16 Temmuz 2019 Salı

Siyah Damar || Tarryn Fisher

Kitabı incelemek için: Goodreads
***
Münzevi yazar Senna Richards otuz üçüncü yaş gününün sabahına uyandığında her şey değişmiştir. Kendisini elektrikli tel örgülerin ardındaki bir kafese tıkılmış ve karların ortasındaki bir eve kilitlenmiş olarak bulan Sennanın, neden kaçırıldığını öğrenmek için kendisine bırakılan ipuçlarını takip etmekten başka şansı yoktur. Özgürlüğünü geri istiyorsa, dönüp geçmişine bakmak zorundadır. Fakat geçmişi aslında hâlâ hayattadır... Ve onu kaçıran kişi de bulunacak gibi değildir. Kurtuluşu pamuk ipliğine bağlı olan Senna, kısa zaman içinde tüm bunların bir oyun olduğunun fark edecektir. Hem de çok tehlikeli bir oyun. Ve sadece gerçek onu serbest bırakabilir.
***



“İnsanlar başka birisinin ağırlığını taşımak için yaratılmamışlardır. Daha kendimizi zor taşıyoruz."
Bunu söylerken bile buna tamamen inanamıyordum. Isaac'in birçok kişinin yapmayacağı şeyleri yaptığını görmüştüm. Ama bu sadece Isaac için geçerliydi."Belki de başka birisinin ağırlığını taşımak kendi ağırlığını biraz olsun hafifletiyordur." 

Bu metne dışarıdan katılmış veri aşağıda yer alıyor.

(* The Laplacian is real symmetric and positive semidefinite, with
   2 f^* L f = \sum_(v,u) w(v,u) |f v - f u|^2.  For f vanishing on S0 this is
   at least \sum_(v \notin S0) (\sum_(u \in S0) w(u,v)) |f v|^2 >= K0(S0) |f|^2,
   because every vertex outside S0 lies in b(S0).  If more than |S0| eigenvalues
   were below K0(S0), their eigenvectors would span a space of dimension > |S0|,
   which meets the (N - |S0|)-dimensional space of functions vanishing on S0;
   a nonzero f in the intersection has Rayleigh quotient both < K0(S0) and
   >= K0(S0).  So the first bound even holds with K0(S0) in place of K0(S0)/2,
   and the second is its complement, as all eigenvalues lie in [0, lambda_max]. *)

Lemma char_poly_similar (F : fieldType) n (P A : 'M[F]_n) : P \in unitmx ->
  char_poly (invmx P *m A *m P) = char_poly A.
Proof.
move=> Pu; rewrite /char_poly /char_poly_mx.
set Pi := map_mx polyC (invmx P); set Pp := map_mx polyC P.
have PiPp : Pi *m Pp = 1%:M by rewrite -map_mxM mulVmx // map_mx1.
have -> : 'X%:M - map_mx polyC (invmx P *m A *m P) =
          Pi *m ('X%:M - map_mx polyC A) *m Pp.
  rewrite !map_mxM mulmxBr mulmxBl -/Pi -/Pp; congr (_ - _).
  by rewrite scalar_mxC -mulmxA PiPp mulmx1.
rewrite !det_mulmx mulrC mulrA -det_mulmx.
by rewrite [Pp *m Pi]mulmx1C ?det1 ?mul1r // PiPp.
Qed.

Lemma mem_rootsR (R : rcfType) (p : {poly R}) x :
  p != 0 -> (x \in rootsR p) = root p x.
Proof. by move=> /roots_on_rootsR/(_ x) <-. Qed.

Lemma le_last_path (R : numDomainType) (y : R) s :
  path <%R y s -> {in y :: s, forall x, x <= last y s}.
Proof.
elim: s y => [|z s IHs] y /=; first by move=> _ x; rewrite inE => /eqP ->.
move=> /andP[y_lt_z z_path] x; rewrite inE => /predU1P[->|]; last exact: IHs.
by rewrite (le_trans (ltW y_lt_z)) // IHs // mem_head.
Qed.
Lemma dotpp_pure_state (C : numClosedFieldType) n (psi : bits n -> C) :
  is_pure_state psi -> dotp psi psi = 1.
Proof. by rewrite /dotp => <-; apply: eq_bigr => x _; rewrite normCK. Qed.

Section ProjectorExpectation.
Variables (C : numClosedFieldType) (I : finType).
Local Notation V := {ffun I -> C^o}.
(* Without it, [dotp] applied to vectors of [V] would be taken over [C^o]. *)
Local Notation dotp := (@dotp C I).
Variable P : {linear V -> V}.
Hypothesis P_selfadjoint : forall u v : V, dotp u (P v) = dotp (P u) v.
Hypothesis P_idem : forall v : V, P (P v) = P v.

Lemma dotp_reflection (w : V) : dotp (2 *: P w - w) (2 *: P w - w) = dotp w w.
Proof.
rewrite !(dotpBl, dotpBr, dotpZl, dotpZr) conjC_nat -!P_selfadjoint P_idem.
ring.
Qed.

Lemma expectation_real (u : V) : (dotp u (P u))^* = dotp u (P u).
Proof. by rewrite -dotpC P_selfadjoint. Qed.

(* With [u = X - Y] and [w = X + Y], [2 Re <(2 P - 1) w, u>] is four times the
   difference of expectations, and the reflection [2 P - 1] preserves [|w|]. *)
Lemma expectationB_sqr_le (X Y : V) : dotp X X = 1 -> dotp Y Y = 1 ->
  (dotp X (P X) - dotp Y (P Y)) ^+ 2 <= 1 - 'Re (dotp X Y) ^+ 2.
Proof.
move=> X1 Y1.
set c := dotp X Y; set d := dotp X (P X) - dotp Y (P Y).
have Yc : dotp Y X = c^* by rewrite dotpC.
have := dotp_Re_cauchy_schwarz (2 *: P (X + Y) - (X + Y)) (X - Y).
rewrite dotp_reflection.
have -> : dotp (X + Y) (X + Y) = 2 + (c + c^*).
  by rewrite !(dotpDl, dotpDr) X1 Y1 Yc -/c; ring.
have -> : dotp (X - Y) (X - Y) = 2 - (c + c^*).
  by rewrite !(dotpBl, dotpBr) X1 Y1 Yc -/c; ring.
have -> : dotp (2 *: P (X + Y) - (X + Y)) (X - Y) +
          dotp (X - Y) (2 *: P (X + Y) - (X + Y)) = 4 * d.
  rewrite (linearD P) !(dotpBl, dotpBr, dotpDl, dotpDr, dotpZl, dotpZr) conjC_nat.
  by rewrite -!P_selfadjoint X1 Y1 /d; ring.
rewrite ReE -subr_ge0 => CS; rewrite -subr_ge0.
have -> : 1 - ((c + c^*) / 2) ^+ 2 - d ^+ 2 =
          (4 * (2 + (c + c^*)) * (2 - (c + c^*)) - (4 * d) ^+ 2) / 16 by field.
by rewrite divr_ge0 ?ler0n.
Qed.

Lemma expectationB_norm_le (X Y : V) : dotp X X = 1 -> dotp Y Y = 1 ->
  `|dotp X (P X) - dotp Y (P Y)| ^+ 2 <= 1 - `|dotp X Y| ^+ 2.
Proof.
move=> X1 Y1.
rewrite real_normK; last by rewrite CrealE rmorphB /= !expectation_real.
set c := dotp X Y; have [c0|c_neq0] := eqVneq c 0.
  by have := expectationB_sqr_le X1 Y1; rewrite -/c c0 normr0 ReE rmorph0 addr0 mul0r.
have nc_neq0 : `|c| != 0 by rewrite normr_eq0.
pose w := c / `|c|.
have w_unit : w * w^* = 1.
  by rewrite -normCK normf_div normr_id divff ?expr1n.
have wY1 : dotp (w *: Y) (w *: Y) = 1 by rewrite dotpZl dotpZr Y1 mulr1.
have Xw : dotp X (w *: Y) = `|c|.
  by rewrite dotpZr rmorphM fmorphV /= conj_normC -/c mulrAC -normCKC expr2 mulfK.
have := expectationB_sqr_le X1 wY1.
rewrite linearZZ dotpZl dotpZr mulrA w_unit mul1r Xw.
by have /Creal_ReP -> := normr_real c.
Qed.

End ProjectorExpectation.

Section Tensor.
Variables (C : numClosedFieldType) (I J : finType).

Definition tensor (f : I -> C) (g : J -> C) : {ffun I * J -> C} :=
  [ffun p => f p.1 * g p.2].

Lemma dotp_tensor (f f' : I -> C) (g g' : J -> C) :
  dotp (tensor f g) (tensor f' g') = dotp f f' * dotp g g'.
Proof.
transitivity (\sum_i \sum_j f i * g j * (f' i * g' j)^*).
  by rewrite pair_bigA; apply: eq_bigr => -[i j] _; rewrite !ffunE.
rewrite mulr_suml; apply: eq_bigr => i _.
rewrite mulr_sumr; apply: eq_bigr => j _.
by rewrite rmorphM /=; ring.
Qed.

End Tensor.

Section SubsystemSwap.
Variables (C : numClosedFieldType) (n : nat).
Local Notation bits := (bits n).

Definition restrict (al : {set 'I_n}) (x : bits) : bits :=
  [ffun i => (i \in al) && x i].

Lemma supported_restrict al x : supported al (restrict al x).
Proof. by apply/forallP => i; apply/implyP; rewrite ffunE => /negbTE ->. Qed.

Lemma restrict_glue al (a c : bits) : supported al a -> restrict al (glue al a c) = a.
Proof.
move=> /forallP a_al; apply/ffunP => i; rewrite !ffunE.
by case: ifP => // i_al; have := a_al i; rewrite i_al => /negbTE ->.
Qed.

Lemma restrictC_glue al (a c : bits) :
  supported (~: al) c -> restrict (~: al) (glue al a c) = c.
Proof.
move=> /forallP c_al; apply/ffunP => i; rewrite !ffunE inE.
by case: ifP => //= i_al; have := c_al i; rewrite inE i_al => /negbTE ->.
Qed.

Lemma glue_restrict al (x : bits) : glue al (restrict al x) (restrict (~: al) x) = x.
Proof. by apply/ffunP => i; rewrite !ffunE inE; case: (i \in al). Qed.

Lemma glue_glue al (a b c d : bits) : glue al (glue al a b) (glue al c d) = glue al a d.
Proof. by apply/ffunP => i; rewrite !ffunE; case: (i \in al). Qed.

Lemma glue_same al (x : bits) : glue al x x = x.
Proof. by apply/ffunP => i; rewrite !ffunE; case: (i \in al). Qed.

Lemma sum_glue al (F : bits -> C) :
  \sum_(a | supported al a) \sum_(c | supported (~: al) c) F (glue al a c) = \sum_x F x.
Proof.
rewrite pair_big_dep (reindex_onto (fun x => (restrict al x, restrict (~: al) x))
  (fun p => glue al p.1 p.2)) /=; last first.
  by move=> [a c] /andP[a_al c_al]; rewrite restrict_glue // restrictC_glue.
by apply: eq_big => x; rewrite ?supported_restrict glue_restrict ?eqxx.
Qed.

Definition swap al (p : bits * bits) : bits * bits :=
  (glue al p.2 p.1, glue al p.1 p.2).

Lemma swapK al : involutive (swap al).
Proof. by move=> [x y]; rewrite /swap /= !glue_glue !glue_same. Qed.

Local Notation V := {ffun bits * bits -> C^o}.
Local Notation dotp := (@dotp C _).

Definition swap_op al (v : V) : V := [ffun p => v (swap al p)].

Lemma swap_op_is_linear al : linear (swap_op al).
Proof. by move=> a u v; apply/ffunP => p; rewrite !ffunE. Qed.

HB.instance Definition _ al :=
  GRing.isLinear.Build C V V *:%R (swap_op al) (swap_op_is_linear al).

Lemma purityE (psi : bits -> C) al :
  purity psi al = dotp (tensor psi psi) (swap_op al (tensor psi psi)).
Proof.
transitivity
  (\sum_x \sum_y psi x * psi y * (psi (glue al y x) * psi (glue al x y))^*).
  rewrite /purity -[RHS](sum_glue al); apply: eq_bigr => a a_al.
  under [RHS]eq_bigr => c _ do rewrite -(sum_glue al).
  rewrite /reduced; under [LHS]eq_bigr => b _ do rewrite big_distrlr /=.
  rewrite exchange_big; apply: eq_bigr => c c_al; apply: eq_bigr => b b_al.
  by apply: eq_bigr => c' c'_al; rewrite !glue_glue rmorphM /=; ring.
by rewrite /dotp pair_bigA; apply: eq_bigr => -[x y] _; rewrite !ffunE.
Qed.

Lemma dotp_swap_op al (u v : V) : dotp u (swap_op al v) = dotp (swap_op al u) v.
Proof.
rewrite /dotp [LHS](reindex_inj (inv_inj (swapK al))).
by apply: eq_bigr => p _; rewrite !ffunE swapK.
Qed.

Definition symdiff (al be : {set 'I_n}) : {set 'I_n} :=
  [set i | (i \in al) (+) (i \in be)].

Lemma symdiffK al : involutive (symdiff al).
Proof. by move=> be; apply/setP => i; rewrite !inE addKb. Qed.

Lemma swap_op_comp al be (v : V) :
  swap_op al (swap_op be v) = swap_op (symdiff be al) v.
Proof.
apply/ffunP => -[x y]; rewrite !ffunE; congr (v (_, _));
by apply/ffunP => i; rewrite !ffunE inE; case: (i \in al); case: (i \in be).
Qed.

Definition swap_avg (v : V) : V := (2 ^+ n)^-1 *: \sum_al swap_op al v.

Lemma swap_avg_is_linear : linear swap_avg.
Proof.
move=> a u v; rewrite /swap_avg.
have -> : \sum_al swap_op al (a *: u + v) =
          a *: \sum_al swap_op al u + \sum_al swap_op al v.
  by rewrite scaler_sumr -big_split; apply: eq_bigr => al _; rewrite linearP.
by rewrite scalerDr !scalerA mulrC.
Qed.

HB.instance Definition _ :=
  GRing.isLinear.Build C V V *:%R swap_avg swap_avg_is_linear.

Lemma conj_inv_exp2 : ((2 ^+ n)^-1 : C)^* = (2 ^+ n)^-1.
Proof. by rewrite geC0_conj // invr_ge0 exprn_ge0 ?ler0n. Qed.

Lemma swap_avg_selfadjoint (u v : V) : dotp u (swap_avg v) = dotp (swap_avg u) v.
Proof.
rewrite dotpZr dotpZl conj_inv_exp2 dotp_sumr dotp_suml.
by congr (_ * _); apply: eq_bigr => al _; apply: dotp_swap_op.
Qed.

Lemma card_subsets : #|{set 'I_n}| = (2 ^ n)%N.
Proof. by rewrite -cardsT -powersetT card_powerset cardsT card_ord. Qed.

(* The swaps form a group: [swap_op al] only permutes the terms of the average. *)
Lemma swap_avg_swap_op al (v : V) : swap_avg (swap_op al v) = swap_avg v.
Proof.
rewrite /swap_avg (reindex_inj (inv_inj (symdiffK al))).
by congr (_ *: _); apply: eq_bigr => be _; rewrite swap_op_comp symdiffK.
Qed.

Lemma swap_avg_idem (v : V) : swap_avg (swap_avg v) = swap_avg v.
Proof.
rewrite {2}/swap_avg linearZZ linear_sum.
under eq_bigr do rewrite /= swap_avg_swap_op.
rewrite sumr_const card_subsets -scaler_nat natrX (scalerA ((2 ^+ n)^-1 : C)) mulVf.
  exact: scale1r.
by rewrite expf_neq0 // pnatr_eq0.
Qed.

Lemma lin_entE (psi : bits -> C) :
  lin_ent psi = 1 - dotp (tensor psi psi) (swap_avg (tensor psi psi)).
Proof.
rewrite /lin_ent dotpZr conj_inv_exp2 dotp_sumr.
by congr (1 - _ * _); apply: eq_bigr => al _; rewrite purityE.
Qed.

End SubsystemSwap.

Section Eigenvalues.
Variables (C : numClosedFieldType) (m : nat).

Beklediğimden çok daha güzel, çok daha vurucu bir kitap olduğu ve canımı tahmin edemeyeceğim kadar yaktığın için teşekkür ederim, Tarryn!
İlik okuduğum ilk Tarryn Fisher kitabıydı ve kalemine hayran kalmamı sağlamıştı. Neden bilmiyorum, Siyah Damar’ın okuyacağım en güzel kitabı olacağını düşünüyordum ve henüz diğerlerini okumamış olsam da fikrimi değiştirmeyeceğimi biliyorum. Canımı yakacak bir kitap arayışı içine girdiğimde ise elim birden bu kitaba gitti ve tahmin edeceğiniz gibi, olanlar oldu. 

“Sesler bir kitap kadar yüksek sesle konuşmaya her zaman korkmuşlardı ve hep korkacaklardı. Yazarlar bu yüzden yazarlardı: bazı şeyleri mürekkeple daha yüksek sesle söyleyebilmek için. Düşüncelere, bir ses verebilmek için; sessiz kalabilmek için ve duyguların hissedilebilmesi için.” 

Kitabı okuduğum zaman boyunca başka hiçbir şeye odaklamadım. Zihnimi öyle bir ele geçirdi ki ne zaman kontrolü bana bırakacak merak ediyorum. 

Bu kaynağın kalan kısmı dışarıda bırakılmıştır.